Paw Prints Make Strides in California


By Eunice Kim

I remember when we first brought my dog into our family home and into our hearts. Beyond the fact that he looked like a fluffy cotton ball with a heart-shaped nose, he demonstrated a contagious warmth due to his soft character and fervor for life. With that wagging tail and love of cuddles, I didn’t think to look into his origins, that he was a new member of our family was enough.

However, even a dog as cute as mine can have a sad backstory, often at the hands of dubious pet shelters or retail pet stores.

After all, one of the main issues regarding the sale of pets at pet stores is the topic of where they come from. The Humane Society of the United States and the Pet Rescue and Adoption Act claim that most dogs have their origins in “puppy mills,” commercial breeder sites of substandard conditions where puppies and kittens are mass-bred in the name of profit.  

Ordinances protecting such pets have been implemented in many cities, but as of now, the California is the first state in the nation to ban retail sales of dogs, cats, and rabbits.

In California, the harsh breeding conditions as well as heavy financial costs of maintaining shelters (which California taxpayers pay) influenced a bill called The Pet Rescue and Adoption Act (or AB 485) which was passed by legislators in 2018 and then signed into law by Governor Jerry Brown.

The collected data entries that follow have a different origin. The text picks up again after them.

(* Let $\mathcal M=(M,<,+,0,\ldots)$ be a definably complete locally o-minimal expansion of an ordered abelian group. Let $C\subseteq M^m$ be a definable, closed and bounded set, let $s\in M$ with $s>0$, and let $\{f_t:C\to M\}_{0<t<s}$ be a definable family of functions which is pointwise convergent and is a definable family of equi-continuous functions. Then the family $\{f_t\}_{0<t<s}$ is uniformly convergent.
   Context: ''Definable'' means definable in $\mathcal M$ with parameters. $\mathcal M$ is definably complete if every definable subset of $M$ has a supremum and an infimum in $M\cup\{\pm\infty\}$; it is locally o-minimal if for every definable $X\subseteq M$ and every $a\in M$ there is an open interval $I\ni a$ such that $X\cap I$ is a finite union of points and open intervals. For $x=(x_1,\dots,x_n)\in M^n$, $|x|:=\max_i |x_i|$; $M^n$ carries the product of the order topology. A definable family of functions $\{f_t:C\to M\}_{0<t<s}$ means there is a definable $F:C\times(0,s)\to M$ with $f_t(x)=F(x,t)$. It is a family of equi-continuous functions if for all $\varepsilon>0$ and all $x\in C$ there is $\delta>0$ such that for all $t\in(0,s)$ and all $x'\in C$ with $|x-x'|<\delta$ we have $|F(x,t)-F(x',t)|<\varepsilon$. It is pointwise convergent if for every $\varepsilon>0$ and $x\in C$ there is $s'>0$ with $|f_t(x)-f_{t'}(x)|<\varepsilon$ for all $t,t'\in(0,s')$. It is uniformly convergent if for every $\varepsilon>0$ there is $s'>0$ with $|f_t(x)-f_{t'}(x)|<\varepsilon$ for all $x\in C$ and all $t,t'\in(0,s')$. *)

From mathcomp Require Import all_boot all_algebra.
Set Implicit Arguments. Unset Strict Implicit. Unset Printing Implicit Defensive.
Import GRing.Theory.
Local Open Scope ring_scope.

Definition ordered_abelian_group (M : zmodType) (lt : M -> M -> Prop) : Prop :=
  [/\ (forall x, ~ lt x x),
      (forall x y z, lt x y -> lt y z -> lt x z),
      (forall x y, [\/ lt x y, x = y | lt y x]) &
      (forall x y z, lt x y -> lt (x + z) (y + z))].

Definition le_of (M : zmodType) (lt : M -> M -> Prop) (x y : M) : Prop :=
  lt x y \/ x = y.

Definition abs_lt (M : zmodType) (lt : M -> M -> Prop) (x e : M) : Prop :=
  lt x e /\ lt (- x) e.

(* |x| < e for x in M^n, where |x| = max_i |x_i| *)
Definition vabs_lt (M : zmodType) (lt : M -> M -> Prop) (n : nat)
  (x : 'I_n -> M) (e : M) : Prop := forall i, abs_lt lt (x i) e.

(* Extra (non-logical) symbols of the expansion, beyond <, +, 0. *)
Record language := Language {
  fsym : Type; farity : fsym -> nat;
  rsym : Type; rarity : rsym -> nat }.

Record interp (L : language) (M : Type) := Interp {
  ifun : forall f : fsym L, ('I_(farity f) -> M) -> M;
  irel : forall r : rsym L, ('I_(rarity r) -> M) -> Prop }.

Inductive term (L : language) : Type :=
  | TVar : nat -> term L
  | TZero : term L
  | TAdd : term L -> term L -> term L
  | TApp : forall f : fsym L, ('I_(farity f) -> term L) -> term L.

Inductive formula (L : language) : Type :=
  | FEq : term L -> term L -> formula L
  | FLt : term L -> term L -> formula L
  | FRel : forall r : rsym L, ('I_(rarity r) -> term L) -> formula L
  | FNot : formula L -> formula L
  | FAnd : formula L -> formula L -> formula L
  | FEx : nat -> formula L -> formula L.

Section Semantics.
Variables (L : language) (M : zmodType) (lt : M -> M -> Prop) (I : interp L M).

Fixpoint teval (v : nat -> M) (t : term L) : M :=
  match t with
  | TVar i => v i
  | TZero => 0
  | TAdd t1 t2 => teval v t1 + teval v t2
  | TApp f ts => ifun I (fun j => teval v (ts j))
  end.

Definition upd (v : nat -> M) (i : nat) (a : M) : nat -> M :=
  fun j => if j == i then a else v j.

Fixpoint sat (v : nat -> M) (phi : formula L) : Prop :=
  match phi with
  | FEq t1 t2 => teval v t1 = teval v t2
  | FLt t1 t2 => lt (teval v t1) (teval v t2)
  | FRel r ts => irel I (fun j => teval v (ts j))
  | FNot p => ~ sat v p
  | FAnd p q => sat v p /\ sat v q
  | FEx i p => exists a, sat (upd v i a) p
  end.

(* environment: variables 0..n-1 get x, variables n..n+k-1 get parameters p *)
Definition env (n k : nat) (x : 'I_n -> M) (p : 'I_k -> M) : nat -> M :=
  fun i => match insub i with
           | Some j => x j
           | None => oapp p 0 (insub (i - n)%N)
           end.

Definition definable (n : nat) (X : ('I_n -> M) -> Prop) : Prop :=
  exists (phi : formula L) (k : nat) (p : 'I_k -> M),
    forall x, X x <-> sat (env x p) phi.

Definition definable1 (X : M -> Prop) : Prop :=
  definable (fun v : 'I_1 -> M => X (v ord0)).

(* open interval with endpoints in M ∪ {±∞}; None = -∞ (lower) / +∞ (upper) *)
Definition in_oint (l u : option M) (x : M) : Prop :=
  (if l is Some b then lt b x else True) /\ (if u is Some c then lt x c else True).

Definition is_lub (X : M -> Prop) (u : M) : Prop :=
  (forall x, X x -> le_of lt x u) /\
  (forall b, (forall x, X x -> le_of lt x b) -> le_of lt u b).
Definition is_glb (X : M -> Prop) (u : M) : Prop :=
  (forall x, X x -> le_of lt u x) /\
  (forall b, (forall x, X x -> le_of lt b x) -> le_of lt b u).

(* sup X exists in M ∪ {±∞}: -∞ if X = ∅, +∞ if X has no upper bound in M *)
Definition has_sup_ext (X : M -> Prop) : Prop :=
  (forall x, ~ X x) \/ (forall b, exists x, X x /\ lt b x) \/ (exists u, is_lub X u).
Definition has_inf_ext (X : M -> Prop) : Prop :=
  (forall x, ~ X x) \/ (forall b, exists x, X x /\ lt x b) \/ (exists u, is_glb X u).

Definition definably_complete : Prop :=
  forall X : M -> Prop, definable1 X -> has_sup_ext X /\ has_inf_ext X.

Inductive piece := Pt of M | Oint of option M & option M.
Definition in_piece (q : piece) (x : M) : Prop :=
  match q with Pt a => x = a | Oint l u => in_oint l u x end.

Definition locally_o_minimal : Prop :=
  forall X : M -> Prop, definable1 X -> forall a : M,
    exists l u : option M, in_oint l u a /\
      exists s : seq piece, forall x,
        (X x /\ in_oint l u x) <-> (exists2 i, (i < size s)%N & in_piece (nth (Pt 0) s i) x).


Definition closed_set (n : nat) (C : ('I_n -> M) -> Prop) : Prop :=
  forall x, ~ C x -> exists l u : 'I_n -> option M,
    (forall i, in_oint (l i) (u i) (x i)) /\
    (forall y, (forall i, in_oint (l i) (u i) (y i)) -> ~ C y).

Definition bounded_set (n : nat) (C : ('I_n -> M) -> Prop) : Prop :=
  exists R : M, forall x, C x -> forall i, le_of lt (x i) R /\ le_of lt (- x i) R.

Definition definable_family (m : nat) (C : ('I_m -> M) -> Prop) (s : M)
  (F : ('I_m -> M) -> M -> M) : Prop :=
  definable (fun z : 'I_(m + 2) -> M =>
    let x := fun i => z (lshift 2 i) in
    let t := z (rshift m (ord0 : 'I_2)) in
    let y := z (rshift m (ord_max : 'I_2)) in
    [/\ C x, lt 0 t, lt t s & y = F x t]).

Definition equicontinuous_family (m : nat) (C : ('I_m -> M) -> Prop) (s : M)
  (F : ('I_m -> M) -> M -> M) : Prop :=
  forall eps, lt 0 eps -> forall x, C x -> exists delta, lt 0 delta /\
    forall t x', lt 0 t -> lt t s -> C x' -> vabs_lt lt (fun i => x i - x' i) delta ->
      abs_lt lt (F x t - F x' t) eps.

Definition pointwise_convergent (m : nat) (C : ('I_m -> M) -> Prop) (s : M)
  (F : ('I_m -> M) -> M -> M) : Prop :=
  forall eps, lt 0 eps -> forall x, C x -> exists s', lt 0 s' /\
    forall t t', lt 0 t -> lt t s' -> lt t s -> lt 0 t' -> lt t' s' -> lt t' s ->
      abs_lt lt (F x t - F x t') eps.

Definition uniformly_convergent (m : nat) (C : ('I_m -> M) -> Prop) (s : M)
  (F : ('I_m -> M) -> M -> M) : Prop :=
  forall eps, lt 0 eps -> exists s', lt 0 s' /\
    forall x t t', C x -> lt 0 t -> lt t s' -> lt t s -> lt 0 t' -> lt t' s' -> lt t' s ->
      abs_lt lt (F x t - F x t') eps.

End Semantics.

(* Suppose the family f_t = F(., t), 0 < t < s, were not uniformly convergent
   for some eps.  For r > 0 let B_r be the set of "bad" points x of C at which
   |F x t - F x t'| >= eps for some t, t' in (0, min(r, s)).  Every B_r is
   nonempty, the family (B_r)_r increases with r, is bounded, and it is
   definable.  Definable completeness yields a point c such that every B_r
   contains points arbitrarily close to c: coordinate after coordinate, c_k is
   the supremum of the numbers lying below the k-th coordinates of all points
   of some B_r.  Since C is closed, c lies in C.  But equicontinuity at c
   together with pointwise convergence at c give a neighbourhood of c and an
   r > 0 on which the oscillation of the family stays below eps, so B_r has no
   point near c: a contradiction. *)
From mathcomp Require Import all_boot all_algebra.
From Stdlib Require Import FunctionalExtensionality Classical.
Set Implicit Arguments. Unset Strict Implicit. Unset Printing Implicit Defensive.
Import GRing.Theory.
From mathcomp Require Import zify.
Local Open Scope ring_scope.

Section OrderedGroup.
Variables (M : zmodType) (lt : M -> M -> Prop).
Hypothesis HM : ordered_abelian_group lt.
Local Notation le := (le_of lt).

Lemma ltxx x : ~ lt x x. Proof. by case: HM. Qed.
Lemma lt_trans x y z : lt x y -> lt y z -> lt x z.
Proof. by case: HM => _ h _ _; apply: h. Qed.
Lemma trichotomy x y : [\/ lt x y, x = y | lt y x].
Proof. by case: HM => _ _ h _; apply: h. Qed.
Lemma ltDr x y z : lt x y -> lt (x + z) (y + z).
Proof. by case: HM => _ _ _ h; apply: h. Qed.
Lemma ltDl x y z : lt x y -> lt (z + x) (z + y).
Proof. by move=> h; rewrite ![z + _]addrC; apply: ltDr. Qed.
Lemma ltDr_iff x y z : lt (x + z) (y + z) <-> lt x y.
Proof. split; last exact: ltDr. by move=> /(ltDr (- z)); rewrite !addrK. Qed.

Lemma lt_le_trans x y z : lt x y -> le y z -> lt x z.
Proof. by move=> h [h'|<-] //; apply: lt_trans h h'. Qed.
Lemma le_trans x y z : le x y -> le y z -> le x z.
Proof. by move=> [h|->] // h'; left; apply: lt_le_trans h h'. Qed.
Lemma not_lt x y : ~ lt x y -> le y x.
Proof. by case: (trichotomy x y) => [h|->|h] n; [case: n|right|left]. Qed.
Lemma lt_not_le x y : lt x y -> ~ le y x.
Proof.
move=> h [h'|e]; first by apply: (@ltxx x); apply: lt_trans h h'.
by subst; apply: (ltxx h).
Qed.

Lemma lt_opp x y : lt x y -> lt (- y) (- x).
Proof.
move=> /(ltDr (- x - y)).
have -> : x + (- x - y) = - y by rewrite addrA addrN add0r.
by rewrite addrC subrK.
Qed.
Lemma le_opp x y : le x y -> le (- y) (- x).
Proof. by move=> [h|->]; [left; apply: lt_opp|right]. Qed.
Lemma lt_add2 a b c d : lt a b -> lt c d -> lt (a + c) (b + d).
Proof. by move=> h1 h2; apply: lt_trans (ltDr c h1) (ltDl b h2). Qed.
Lemma le_add2 a b c d : le a b -> le c d -> le (a + c) (b + d).
Proof.
move=> [h1|->] [h2|->]; last by right.
- by left; apply: lt_add2.
- by left; apply: ltDr.
- by left; apply: ltDl.
Qed.
Lemma lt_subr x y : lt 0 (y - x) <-> lt x y.
Proof. by rewrite -(ltDr_iff _ _ x) add0r subrK. Qed.

Lemma ex_min_pos a b : lt 0 a -> lt 0 b -> exists c, lt 0 c /\ le c a /\ le c b.
Proof.
move=> ha hb; case: (trichotomy a b) => [h|->|h].
- by exists a; split; [|split; [right|left]].
- by exists b; split; [|split; right].
- by exists b; split; [|split; [left|right]].
Qed.

Lemma abs_lt_le x e e' : abs_lt lt x e -> le e e' -> abs_lt lt x e'.
Proof. by move=> [h1 h2] h; split; apply: lt_le_trans h. Qed.
Lemma abs_lt_sub x y e : abs_lt lt (x - y) e <-> abs_lt lt (y - x) e.
Proof. by rewrite /abs_lt !opprB; tauto. Qed.
Lemma abs_lt_iff a c r : abs_lt lt (a - c) r <-> lt a (r + c) /\ lt c (r + a).
Proof.
by rewrite /abs_lt -(ltDr_iff _ _ c) subrK -(ltDr_iff (- (a - c)) _ a) opprB subrK.
Qed.

(* The "eps/2" argument.  The group need not be divisible nor dense: when no
   element lies strictly between 0 and eps, only 0 has norm below eps. *)
Lemma abs_lt_split2 eps : lt 0 eps -> exists e, lt 0 e /\
  forall a b, abs_lt lt a e -> abs_lt lt b e -> abs_lt lt (a + b) eps.
Proof.
move=> he.
have small_sum e : le (e + e) eps -> forall a b,
    abs_lt lt a e -> abs_lt lt b e -> abs_lt lt (a + b) eps.
  move=> hle a b [ha1 ha2] [hb1 hb2]; split.
    by apply: lt_le_trans (lt_add2 ha1 hb1) hle.
  by rewrite opprD; apply: lt_le_trans (lt_add2 ha2 hb2) hle.
case: (classic (exists d, lt 0 d /\ lt d eps)) => [[d [hd0 hd]]|no_mid].
  case: (classic (le (d + d) eps)) => hdd; first by exists d; split => //; apply: small_sum.
  have hed : lt 0 (eps - d) by apply/lt_subr.
  case: (ex_min_pos hd0 hed) => e [he0 [h1 h2]].
  exists e; split => //; apply: small_sum.
  by apply: (le_trans (le_add2 h1 h2)); rewrite addrC subrK; right.
have only0 x : abs_lt lt x eps -> x = 0.
  move=> [h1 h2]; case: (trichotomy x 0) => [h|//|h]; case: no_mid.
    by exists (- x); split => //; rewrite -oppr0; apply: lt_opp.
  by exists x.
exists eps; split => // a b ha hb.
by rewrite (only0 a ha) (only0 b hb) addr0; split; rewrite ?oppr0.
Qed.

Lemma abs_lt_split3 eps : lt 0 eps -> exists e, lt 0 e /\
  forall a b c, abs_lt lt a e -> abs_lt lt b e -> abs_lt lt c e ->
    abs_lt lt (a + b + c) eps.
Proof.
move=> he; case: (abs_lt_split2 he) => e1 [he1 H1].
case: (abs_lt_split2 he1) => e2 [he2 H2].
case: (ex_min_pos he1 he2) => e [he0 [h1 h2]].
exists e; split => // a b c ha hb hc; apply: H1; last exact: abs_lt_le hc h1.
by apply: H2; apply: abs_lt_le h2.
Qed.

Section Neighbourhoods.

Lemma oint_ball (d0 : M) (l u : option M) (a : M) : lt 0 d0 ->
  in_oint lt l u a -> exists d, lt 0 d /\ forall d', le d' d ->
    forall y, abs_lt lt (y - a) d' -> in_oint lt l u y.
Proof.
move=> hd0 [hl hu].
have [d1 [hd1 H1]] : exists d1, lt 0 d1 /\ forall d', le d' d1 ->
    forall y, abs_lt lt (y - a) d' -> (if l is Some b then lt b y else True).
  case: l hl => [b|] hb; last by exists d0.
  exists (a - b); split; first by apply/lt_subr.
  move=> d' hle y /abs_lt_iff [_ h].
  have := lt_le_trans h (le_add2 hle (or_intror (erefl y))).
  move/(ltDr (b - a)).
  have -> : a + (b - a) = b by rewrite addrC subrK.
  by rewrite [a - b + y]addrC -addrA [X in y + X]addrA subrK subrr addr0.
have [d2 [hd2 H2]] : exists d2, lt 0 d2 /\ forall d', le d' d2 ->
    forall y, abs_lt lt (y - a) d' -> (if u is Some b then lt y b else True).
  case: u hu => [b|] hb; last by exists d0.
  exists (b - a); split; first by apply/lt_subr.
  move=> d' hle y /abs_lt_iff [h _].
  by have := lt_le_trans h (le_add2 hle (or_intror (erefl a))); rewrite subrK.
case: (ex_min_pos hd1 hd2) => d [hd [h1 h2]].
exists d; split => // d' hle y hy; split.
  by apply: H1 hy; exact: le_trans hle h1.
by apply: H2 hy; exact: le_trans hle h2.
Qed.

The law, which was put in effect on January 1 of this year, states that pet store operators offering dogs, cats, or rabbits for retail sale can only receive the animals from an animal shelter or rescue group, not breeders. Individuals can still purchase animals from private breeders, however the law does signify an end to the commercial breeding of animals.

Many who support the law believe that it can prevent animals from being bred under inhumane conditions and being consistently sent to shelters. On the other hand, those who opposed the bill claimed that it would put pet stores and thousands of pet professionals out of business. In fact, the Pet Industry Joint Council calls pet stores “the most regulated group of pet providers.”

The latter argument has not been met with unanimous agreement.

The Animal Welfare Act (AWA) is a law that requires wholesale retailers and dealers who provide animals to pet stores to be licensed with the United States Department of Agriculture (USDA),  an agency that oversees the commercial dog breeding industry. Yet, these two entities are deemed insufficient because of the minimal standards of humane treatment and little enforcement.

There are more than three million cats and dogs that respectively need homes from shelters, according to the Humane Society. So, regardless of one’s stance on the Pet Rescue and Adoption Act, there’s no doubt that it is a revolutionary law for the small furry creatures in our lives.